What needs to be done: Return, exactly and in full, the lines of the records below starting at the one with "By induction on" and ending at the one with "Lemma cramer_vec_out (S", and no other lines.

━━━━━ Material shown ━━━━━

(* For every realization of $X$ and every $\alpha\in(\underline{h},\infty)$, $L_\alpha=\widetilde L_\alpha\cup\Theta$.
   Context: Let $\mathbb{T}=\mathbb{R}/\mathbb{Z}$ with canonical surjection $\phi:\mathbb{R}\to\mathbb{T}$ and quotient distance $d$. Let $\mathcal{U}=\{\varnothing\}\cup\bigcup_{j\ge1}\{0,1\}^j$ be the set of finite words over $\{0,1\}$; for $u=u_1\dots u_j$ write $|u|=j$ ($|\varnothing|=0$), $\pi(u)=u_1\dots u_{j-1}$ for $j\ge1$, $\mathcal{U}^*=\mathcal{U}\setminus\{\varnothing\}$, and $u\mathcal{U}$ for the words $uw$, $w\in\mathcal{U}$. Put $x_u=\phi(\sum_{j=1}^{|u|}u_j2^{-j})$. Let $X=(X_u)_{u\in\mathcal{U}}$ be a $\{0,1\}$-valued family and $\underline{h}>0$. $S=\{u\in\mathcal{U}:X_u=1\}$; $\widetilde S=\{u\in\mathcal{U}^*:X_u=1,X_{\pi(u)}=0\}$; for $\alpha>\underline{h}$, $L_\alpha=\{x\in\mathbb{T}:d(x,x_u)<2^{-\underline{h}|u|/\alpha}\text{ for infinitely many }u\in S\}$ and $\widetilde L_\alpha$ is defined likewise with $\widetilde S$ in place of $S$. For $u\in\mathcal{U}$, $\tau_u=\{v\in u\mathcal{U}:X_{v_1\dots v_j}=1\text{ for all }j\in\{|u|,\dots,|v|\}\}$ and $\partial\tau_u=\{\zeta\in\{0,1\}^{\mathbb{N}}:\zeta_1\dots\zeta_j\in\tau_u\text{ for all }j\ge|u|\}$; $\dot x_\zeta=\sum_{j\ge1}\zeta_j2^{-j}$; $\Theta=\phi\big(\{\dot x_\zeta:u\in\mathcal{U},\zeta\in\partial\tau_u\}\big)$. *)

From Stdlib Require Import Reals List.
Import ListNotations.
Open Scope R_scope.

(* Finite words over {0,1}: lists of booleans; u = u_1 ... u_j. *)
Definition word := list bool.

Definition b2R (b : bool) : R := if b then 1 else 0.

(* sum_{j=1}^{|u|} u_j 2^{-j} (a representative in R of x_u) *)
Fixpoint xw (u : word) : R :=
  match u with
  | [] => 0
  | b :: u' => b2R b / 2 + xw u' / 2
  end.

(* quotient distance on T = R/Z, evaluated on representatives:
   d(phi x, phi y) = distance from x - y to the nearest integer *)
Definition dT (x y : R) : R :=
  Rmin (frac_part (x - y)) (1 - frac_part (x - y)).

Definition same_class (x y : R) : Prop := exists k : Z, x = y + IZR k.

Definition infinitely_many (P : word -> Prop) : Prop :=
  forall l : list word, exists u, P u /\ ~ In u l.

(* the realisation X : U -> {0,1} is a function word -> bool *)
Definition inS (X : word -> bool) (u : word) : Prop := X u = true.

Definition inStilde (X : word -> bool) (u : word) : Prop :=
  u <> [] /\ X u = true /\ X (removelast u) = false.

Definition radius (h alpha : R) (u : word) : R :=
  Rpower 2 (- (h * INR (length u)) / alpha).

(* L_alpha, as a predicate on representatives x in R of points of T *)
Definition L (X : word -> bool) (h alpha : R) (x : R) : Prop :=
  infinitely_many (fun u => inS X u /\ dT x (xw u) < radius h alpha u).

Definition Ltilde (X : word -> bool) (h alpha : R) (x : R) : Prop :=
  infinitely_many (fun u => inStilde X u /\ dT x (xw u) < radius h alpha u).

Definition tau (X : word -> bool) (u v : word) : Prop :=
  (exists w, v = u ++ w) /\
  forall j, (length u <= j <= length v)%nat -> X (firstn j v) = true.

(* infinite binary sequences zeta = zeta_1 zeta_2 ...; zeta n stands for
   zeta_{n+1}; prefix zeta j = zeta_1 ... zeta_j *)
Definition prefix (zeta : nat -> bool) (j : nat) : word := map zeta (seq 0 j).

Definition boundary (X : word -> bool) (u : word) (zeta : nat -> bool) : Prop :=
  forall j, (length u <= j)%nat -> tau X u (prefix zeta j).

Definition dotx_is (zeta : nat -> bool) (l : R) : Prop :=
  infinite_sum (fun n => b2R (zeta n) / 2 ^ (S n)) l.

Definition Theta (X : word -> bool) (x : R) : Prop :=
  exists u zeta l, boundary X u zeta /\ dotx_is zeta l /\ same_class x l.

━━━━━
━━━━━ Material shown ━━━━━

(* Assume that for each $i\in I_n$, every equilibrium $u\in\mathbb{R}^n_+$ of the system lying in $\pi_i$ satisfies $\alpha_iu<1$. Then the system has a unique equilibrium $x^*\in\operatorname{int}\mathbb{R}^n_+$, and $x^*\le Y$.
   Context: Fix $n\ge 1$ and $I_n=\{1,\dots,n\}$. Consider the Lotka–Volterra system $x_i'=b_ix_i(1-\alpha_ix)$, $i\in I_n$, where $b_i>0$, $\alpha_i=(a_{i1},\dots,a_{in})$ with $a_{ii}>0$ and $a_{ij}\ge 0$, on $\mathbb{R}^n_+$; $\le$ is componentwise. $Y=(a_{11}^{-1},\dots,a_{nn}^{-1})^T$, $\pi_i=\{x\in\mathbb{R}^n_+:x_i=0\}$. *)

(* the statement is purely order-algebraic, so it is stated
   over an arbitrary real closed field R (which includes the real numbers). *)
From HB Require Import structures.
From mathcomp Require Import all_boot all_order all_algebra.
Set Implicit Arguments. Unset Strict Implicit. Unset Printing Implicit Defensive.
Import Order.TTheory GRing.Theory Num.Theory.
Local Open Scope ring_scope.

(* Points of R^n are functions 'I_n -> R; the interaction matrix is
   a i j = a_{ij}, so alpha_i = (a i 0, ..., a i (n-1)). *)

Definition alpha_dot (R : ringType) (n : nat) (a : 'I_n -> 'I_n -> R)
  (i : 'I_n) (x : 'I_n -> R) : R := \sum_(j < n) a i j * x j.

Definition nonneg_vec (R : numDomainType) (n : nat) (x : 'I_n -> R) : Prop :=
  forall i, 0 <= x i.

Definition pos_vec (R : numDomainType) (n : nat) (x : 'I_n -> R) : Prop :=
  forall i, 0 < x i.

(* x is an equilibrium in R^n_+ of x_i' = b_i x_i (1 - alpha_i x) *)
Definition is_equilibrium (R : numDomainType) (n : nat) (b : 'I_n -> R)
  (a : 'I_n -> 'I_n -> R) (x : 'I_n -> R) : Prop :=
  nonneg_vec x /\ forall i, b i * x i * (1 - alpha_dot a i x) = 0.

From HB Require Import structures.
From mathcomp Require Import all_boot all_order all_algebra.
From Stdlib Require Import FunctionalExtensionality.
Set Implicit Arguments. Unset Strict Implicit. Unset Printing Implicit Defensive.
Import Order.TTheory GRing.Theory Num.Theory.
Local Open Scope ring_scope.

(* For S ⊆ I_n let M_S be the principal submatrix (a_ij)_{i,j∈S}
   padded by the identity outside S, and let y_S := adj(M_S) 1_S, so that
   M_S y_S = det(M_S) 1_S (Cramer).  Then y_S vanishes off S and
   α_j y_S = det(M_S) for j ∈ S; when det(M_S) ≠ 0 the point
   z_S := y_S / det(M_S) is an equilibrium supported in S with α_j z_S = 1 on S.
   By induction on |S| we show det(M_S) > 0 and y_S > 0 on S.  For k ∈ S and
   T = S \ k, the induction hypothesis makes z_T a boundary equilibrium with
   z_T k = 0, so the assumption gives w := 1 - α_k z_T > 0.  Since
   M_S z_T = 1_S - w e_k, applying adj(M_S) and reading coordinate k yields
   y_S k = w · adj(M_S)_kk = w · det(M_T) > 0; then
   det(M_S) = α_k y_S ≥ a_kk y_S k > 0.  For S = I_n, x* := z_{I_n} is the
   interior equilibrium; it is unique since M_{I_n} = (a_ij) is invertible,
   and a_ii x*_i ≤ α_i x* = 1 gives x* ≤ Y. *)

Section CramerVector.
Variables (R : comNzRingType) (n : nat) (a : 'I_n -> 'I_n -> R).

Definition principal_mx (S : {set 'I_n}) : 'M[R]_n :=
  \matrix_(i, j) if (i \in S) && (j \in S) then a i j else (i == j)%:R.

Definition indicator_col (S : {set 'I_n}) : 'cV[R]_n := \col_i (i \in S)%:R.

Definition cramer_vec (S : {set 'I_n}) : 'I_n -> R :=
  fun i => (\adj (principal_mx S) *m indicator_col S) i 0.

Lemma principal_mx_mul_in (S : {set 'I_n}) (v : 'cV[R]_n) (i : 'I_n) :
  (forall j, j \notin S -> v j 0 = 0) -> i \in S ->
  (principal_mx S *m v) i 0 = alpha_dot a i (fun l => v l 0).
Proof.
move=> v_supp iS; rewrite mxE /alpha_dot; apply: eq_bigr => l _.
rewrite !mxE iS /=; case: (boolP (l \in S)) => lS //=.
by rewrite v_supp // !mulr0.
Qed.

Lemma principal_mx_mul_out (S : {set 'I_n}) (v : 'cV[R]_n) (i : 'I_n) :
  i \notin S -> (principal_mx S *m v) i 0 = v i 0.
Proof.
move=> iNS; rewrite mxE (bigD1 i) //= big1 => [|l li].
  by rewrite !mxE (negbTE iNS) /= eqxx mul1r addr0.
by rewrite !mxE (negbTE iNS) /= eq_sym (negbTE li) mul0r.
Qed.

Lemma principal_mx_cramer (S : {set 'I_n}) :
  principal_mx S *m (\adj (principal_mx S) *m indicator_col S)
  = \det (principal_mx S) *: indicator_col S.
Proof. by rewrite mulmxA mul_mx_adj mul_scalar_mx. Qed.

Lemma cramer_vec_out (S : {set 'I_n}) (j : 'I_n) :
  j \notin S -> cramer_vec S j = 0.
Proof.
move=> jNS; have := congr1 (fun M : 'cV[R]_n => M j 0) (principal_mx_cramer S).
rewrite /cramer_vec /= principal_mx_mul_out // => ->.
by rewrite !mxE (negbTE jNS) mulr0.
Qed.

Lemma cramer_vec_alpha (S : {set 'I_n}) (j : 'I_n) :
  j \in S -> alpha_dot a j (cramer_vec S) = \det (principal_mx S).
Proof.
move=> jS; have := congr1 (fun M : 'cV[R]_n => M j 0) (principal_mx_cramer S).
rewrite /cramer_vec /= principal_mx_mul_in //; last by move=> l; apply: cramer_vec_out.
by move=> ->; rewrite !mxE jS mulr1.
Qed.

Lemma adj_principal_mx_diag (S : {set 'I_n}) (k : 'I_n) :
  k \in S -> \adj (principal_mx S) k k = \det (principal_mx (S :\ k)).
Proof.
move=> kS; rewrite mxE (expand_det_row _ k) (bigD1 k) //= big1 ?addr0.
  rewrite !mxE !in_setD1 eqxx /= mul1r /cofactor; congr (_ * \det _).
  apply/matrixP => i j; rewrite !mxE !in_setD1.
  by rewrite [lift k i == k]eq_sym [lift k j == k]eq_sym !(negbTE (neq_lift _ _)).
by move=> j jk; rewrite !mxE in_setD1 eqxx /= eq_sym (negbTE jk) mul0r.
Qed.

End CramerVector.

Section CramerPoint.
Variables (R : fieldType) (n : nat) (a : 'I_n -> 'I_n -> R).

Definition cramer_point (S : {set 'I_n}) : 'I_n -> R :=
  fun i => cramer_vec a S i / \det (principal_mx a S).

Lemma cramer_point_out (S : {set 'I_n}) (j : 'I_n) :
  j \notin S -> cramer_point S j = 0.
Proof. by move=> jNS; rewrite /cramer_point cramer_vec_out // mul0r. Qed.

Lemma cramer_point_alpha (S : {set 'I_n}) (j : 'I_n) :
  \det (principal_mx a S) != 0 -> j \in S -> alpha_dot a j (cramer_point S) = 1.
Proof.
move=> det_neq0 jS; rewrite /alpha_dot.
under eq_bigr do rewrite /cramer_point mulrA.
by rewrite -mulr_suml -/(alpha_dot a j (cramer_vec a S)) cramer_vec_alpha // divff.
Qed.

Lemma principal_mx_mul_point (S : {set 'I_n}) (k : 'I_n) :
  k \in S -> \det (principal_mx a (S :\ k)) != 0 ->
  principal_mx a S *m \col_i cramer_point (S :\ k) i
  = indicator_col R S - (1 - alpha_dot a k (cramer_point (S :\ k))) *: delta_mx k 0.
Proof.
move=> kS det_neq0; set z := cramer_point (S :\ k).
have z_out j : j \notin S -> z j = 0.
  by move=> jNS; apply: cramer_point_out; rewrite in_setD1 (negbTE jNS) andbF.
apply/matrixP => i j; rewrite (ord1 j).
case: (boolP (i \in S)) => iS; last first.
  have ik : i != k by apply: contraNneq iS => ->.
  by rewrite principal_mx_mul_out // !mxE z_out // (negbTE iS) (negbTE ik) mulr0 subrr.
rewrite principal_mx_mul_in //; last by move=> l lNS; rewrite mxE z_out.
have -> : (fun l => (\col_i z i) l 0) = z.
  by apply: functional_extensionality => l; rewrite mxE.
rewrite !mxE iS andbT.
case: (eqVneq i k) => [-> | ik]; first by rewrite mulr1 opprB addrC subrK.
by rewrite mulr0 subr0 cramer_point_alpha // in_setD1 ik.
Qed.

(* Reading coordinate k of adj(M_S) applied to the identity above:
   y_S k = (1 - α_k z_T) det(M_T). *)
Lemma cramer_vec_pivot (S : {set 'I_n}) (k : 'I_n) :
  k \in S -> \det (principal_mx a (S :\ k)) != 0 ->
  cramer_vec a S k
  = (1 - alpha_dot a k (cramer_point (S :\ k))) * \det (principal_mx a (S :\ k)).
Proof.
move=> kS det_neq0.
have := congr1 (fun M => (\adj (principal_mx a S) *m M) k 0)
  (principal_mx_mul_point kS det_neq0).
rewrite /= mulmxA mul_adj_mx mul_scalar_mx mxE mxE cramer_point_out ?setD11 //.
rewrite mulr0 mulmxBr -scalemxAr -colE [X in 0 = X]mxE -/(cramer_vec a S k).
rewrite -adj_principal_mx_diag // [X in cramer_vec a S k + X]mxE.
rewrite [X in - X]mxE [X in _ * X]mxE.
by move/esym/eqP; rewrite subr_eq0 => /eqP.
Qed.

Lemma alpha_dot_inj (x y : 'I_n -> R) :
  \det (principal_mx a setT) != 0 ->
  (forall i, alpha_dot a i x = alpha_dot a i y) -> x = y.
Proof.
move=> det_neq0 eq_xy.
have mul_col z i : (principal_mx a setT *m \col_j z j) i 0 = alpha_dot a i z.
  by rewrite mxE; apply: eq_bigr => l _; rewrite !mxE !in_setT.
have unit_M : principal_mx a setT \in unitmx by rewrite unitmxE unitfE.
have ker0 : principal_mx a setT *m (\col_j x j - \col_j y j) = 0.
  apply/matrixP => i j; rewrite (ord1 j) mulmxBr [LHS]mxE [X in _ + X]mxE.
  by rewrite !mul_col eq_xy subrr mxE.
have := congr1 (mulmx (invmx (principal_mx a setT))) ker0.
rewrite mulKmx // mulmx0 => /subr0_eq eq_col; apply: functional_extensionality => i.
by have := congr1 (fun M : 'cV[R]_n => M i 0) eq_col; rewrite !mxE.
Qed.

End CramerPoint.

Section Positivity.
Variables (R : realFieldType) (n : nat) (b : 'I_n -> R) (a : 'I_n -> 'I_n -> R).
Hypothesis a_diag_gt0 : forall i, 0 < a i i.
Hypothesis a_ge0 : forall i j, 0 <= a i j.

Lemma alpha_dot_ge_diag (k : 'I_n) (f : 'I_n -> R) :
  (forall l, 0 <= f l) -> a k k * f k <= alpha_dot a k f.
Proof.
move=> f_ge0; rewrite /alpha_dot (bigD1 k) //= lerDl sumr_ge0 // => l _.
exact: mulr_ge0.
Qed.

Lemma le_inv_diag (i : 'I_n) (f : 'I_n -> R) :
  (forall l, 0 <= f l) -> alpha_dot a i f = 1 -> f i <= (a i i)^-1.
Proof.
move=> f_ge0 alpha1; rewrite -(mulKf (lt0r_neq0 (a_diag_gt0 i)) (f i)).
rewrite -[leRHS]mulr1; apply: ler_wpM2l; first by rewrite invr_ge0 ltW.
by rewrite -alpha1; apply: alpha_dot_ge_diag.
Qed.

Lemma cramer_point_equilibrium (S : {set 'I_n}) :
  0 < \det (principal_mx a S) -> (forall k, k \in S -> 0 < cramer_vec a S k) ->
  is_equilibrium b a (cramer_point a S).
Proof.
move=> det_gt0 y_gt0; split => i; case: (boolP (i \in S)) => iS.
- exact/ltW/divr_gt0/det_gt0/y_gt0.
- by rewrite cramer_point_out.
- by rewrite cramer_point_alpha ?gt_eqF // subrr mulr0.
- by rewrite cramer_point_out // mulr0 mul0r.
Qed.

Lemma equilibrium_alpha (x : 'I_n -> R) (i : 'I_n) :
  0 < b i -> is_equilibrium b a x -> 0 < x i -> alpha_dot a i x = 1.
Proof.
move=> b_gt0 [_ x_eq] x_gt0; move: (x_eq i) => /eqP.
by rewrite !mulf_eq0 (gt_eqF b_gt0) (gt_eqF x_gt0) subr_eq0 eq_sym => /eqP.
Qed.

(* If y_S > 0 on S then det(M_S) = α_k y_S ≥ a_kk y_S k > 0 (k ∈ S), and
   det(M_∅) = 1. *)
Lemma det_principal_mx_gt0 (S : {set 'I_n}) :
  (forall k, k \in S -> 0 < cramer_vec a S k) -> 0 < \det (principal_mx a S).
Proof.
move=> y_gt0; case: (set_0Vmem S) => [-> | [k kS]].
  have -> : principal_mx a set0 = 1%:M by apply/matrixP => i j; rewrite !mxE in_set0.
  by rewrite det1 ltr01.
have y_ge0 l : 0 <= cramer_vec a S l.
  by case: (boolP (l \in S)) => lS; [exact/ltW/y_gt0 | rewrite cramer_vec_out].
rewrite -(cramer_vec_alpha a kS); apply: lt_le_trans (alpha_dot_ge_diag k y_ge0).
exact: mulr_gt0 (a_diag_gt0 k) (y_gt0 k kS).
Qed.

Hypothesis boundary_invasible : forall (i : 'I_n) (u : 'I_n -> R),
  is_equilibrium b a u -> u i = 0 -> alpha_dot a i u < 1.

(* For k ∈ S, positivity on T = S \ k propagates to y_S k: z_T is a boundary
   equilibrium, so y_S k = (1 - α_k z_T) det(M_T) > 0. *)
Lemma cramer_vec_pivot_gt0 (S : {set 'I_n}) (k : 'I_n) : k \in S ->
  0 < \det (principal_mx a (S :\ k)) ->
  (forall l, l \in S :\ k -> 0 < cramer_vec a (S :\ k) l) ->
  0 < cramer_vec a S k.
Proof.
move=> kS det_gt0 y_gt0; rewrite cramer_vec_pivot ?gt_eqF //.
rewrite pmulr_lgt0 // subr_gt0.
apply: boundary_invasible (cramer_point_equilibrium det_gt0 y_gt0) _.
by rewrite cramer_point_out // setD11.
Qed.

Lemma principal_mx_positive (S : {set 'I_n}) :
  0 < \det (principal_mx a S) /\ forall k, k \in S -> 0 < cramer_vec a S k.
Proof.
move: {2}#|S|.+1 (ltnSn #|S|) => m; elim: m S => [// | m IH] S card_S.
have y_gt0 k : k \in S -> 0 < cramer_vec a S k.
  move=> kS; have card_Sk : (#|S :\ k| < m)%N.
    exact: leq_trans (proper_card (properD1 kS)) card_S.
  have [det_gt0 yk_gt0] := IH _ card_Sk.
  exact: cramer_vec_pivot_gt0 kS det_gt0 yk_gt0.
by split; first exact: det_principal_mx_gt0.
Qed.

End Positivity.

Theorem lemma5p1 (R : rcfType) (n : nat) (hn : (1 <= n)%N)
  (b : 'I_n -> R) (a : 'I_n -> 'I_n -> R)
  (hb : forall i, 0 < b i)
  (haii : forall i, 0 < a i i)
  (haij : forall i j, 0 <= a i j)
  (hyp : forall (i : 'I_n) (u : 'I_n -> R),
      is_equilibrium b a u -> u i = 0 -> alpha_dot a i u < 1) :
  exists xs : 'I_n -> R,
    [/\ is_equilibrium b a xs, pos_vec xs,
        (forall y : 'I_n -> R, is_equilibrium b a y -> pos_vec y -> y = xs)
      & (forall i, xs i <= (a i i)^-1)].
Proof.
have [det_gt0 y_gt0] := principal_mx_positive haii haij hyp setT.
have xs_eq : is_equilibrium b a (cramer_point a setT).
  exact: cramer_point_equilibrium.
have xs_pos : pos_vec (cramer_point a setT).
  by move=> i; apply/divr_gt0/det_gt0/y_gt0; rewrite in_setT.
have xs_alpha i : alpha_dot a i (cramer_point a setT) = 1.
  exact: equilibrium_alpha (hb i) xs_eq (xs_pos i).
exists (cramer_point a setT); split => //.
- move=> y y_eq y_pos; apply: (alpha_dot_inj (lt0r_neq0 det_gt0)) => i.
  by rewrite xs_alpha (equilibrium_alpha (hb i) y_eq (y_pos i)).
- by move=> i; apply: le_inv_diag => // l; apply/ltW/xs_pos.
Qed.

━━━━━

Solution to this exercise:
   By induction on |S| we show det(M_S) > 0 and y_S > 0 on S.  For k ∈ S and
   T = S \ k, the induction hypothesis makes z_T a boundary equilibrium with
   z_T k = 0, so the assumption gives w := 1 - α_k z_T > 0.  Since
   M_S z_T = 1_S - w e_k, applying adj(M_S) and reading coordinate k yields
   y_S k = w · adj(M_S)_kk = w · det(M_T) > 0; then
   det(M_S) = α_k y_S ≥ a_kk y_S k > 0.  For S = I_n, x* := z_{I_n} is the
   interior equilibrium; it is unique since M_{I_n} = (a_ij) is invertible,
   and a_ii x*_i ≤ α_i x* = 1 gives x* ≤ Y. *)

Section CramerVector.
Variables (R : comNzRingType) (n : nat) (a : 'I_n -> 'I_n -> R).

Definition principal_mx (S : {set 'I_n}) : 'M[R]_n :=
  \matrix_(i, j) if (i \in S) && (j \in S) then a i j else (i == j)%:R.

Definition indicator_col (S : {set 'I_n}) : 'cV[R]_n := \col_i (i \in S)%:R.

Definition cramer_vec (S : {set 'I_n}) : 'I_n -> R :=
  fun i => (\adj (principal_mx S) *m indicator_col S) i 0.

Lemma principal_mx_mul_in (S : {set 'I_n}) (v : 'cV[R]_n) (i : 'I_n) :
  (forall j, j \notin S -> v j 0 = 0) -> i \in S ->
  (principal_mx S *m v) i 0 = alpha_dot a i (fun l => v l 0).
Proof.
move=> v_supp iS; rewrite mxE /alpha_dot; apply: eq_bigr => l _.
rewrite !mxE iS /=; case: (boolP (l \in S)) => lS //=.
by rewrite v_supp // !mulr0.
Qed.

Lemma principal_mx_mul_out (S : {set 'I_n}) (v : 'cV[R]_n) (i : 'I_n) :
  i \notin S -> (principal_mx S *m v) i 0 = v i 0.
Proof.
move=> iNS; rewrite mxE (bigD1 i) //= big1 => [|l li].
  by rewrite !mxE (negbTE iNS) /= eqxx mul1r addr0.
by rewrite !mxE (negbTE iNS) /= eq_sym (negbTE li) mul0r.
Qed.

Lemma principal_mx_cramer (S : {set 'I_n}) :
  principal_mx S *m (\adj (principal_mx S) *m indicator_col S)
  = \det (principal_mx S) *: indicator_col S.
Proof. by rewrite mulmxA mul_mx_adj mul_scalar_mx. Qed.

Lemma cramer_vec_out (S : {set 'I_n}) (j : 'I_n) :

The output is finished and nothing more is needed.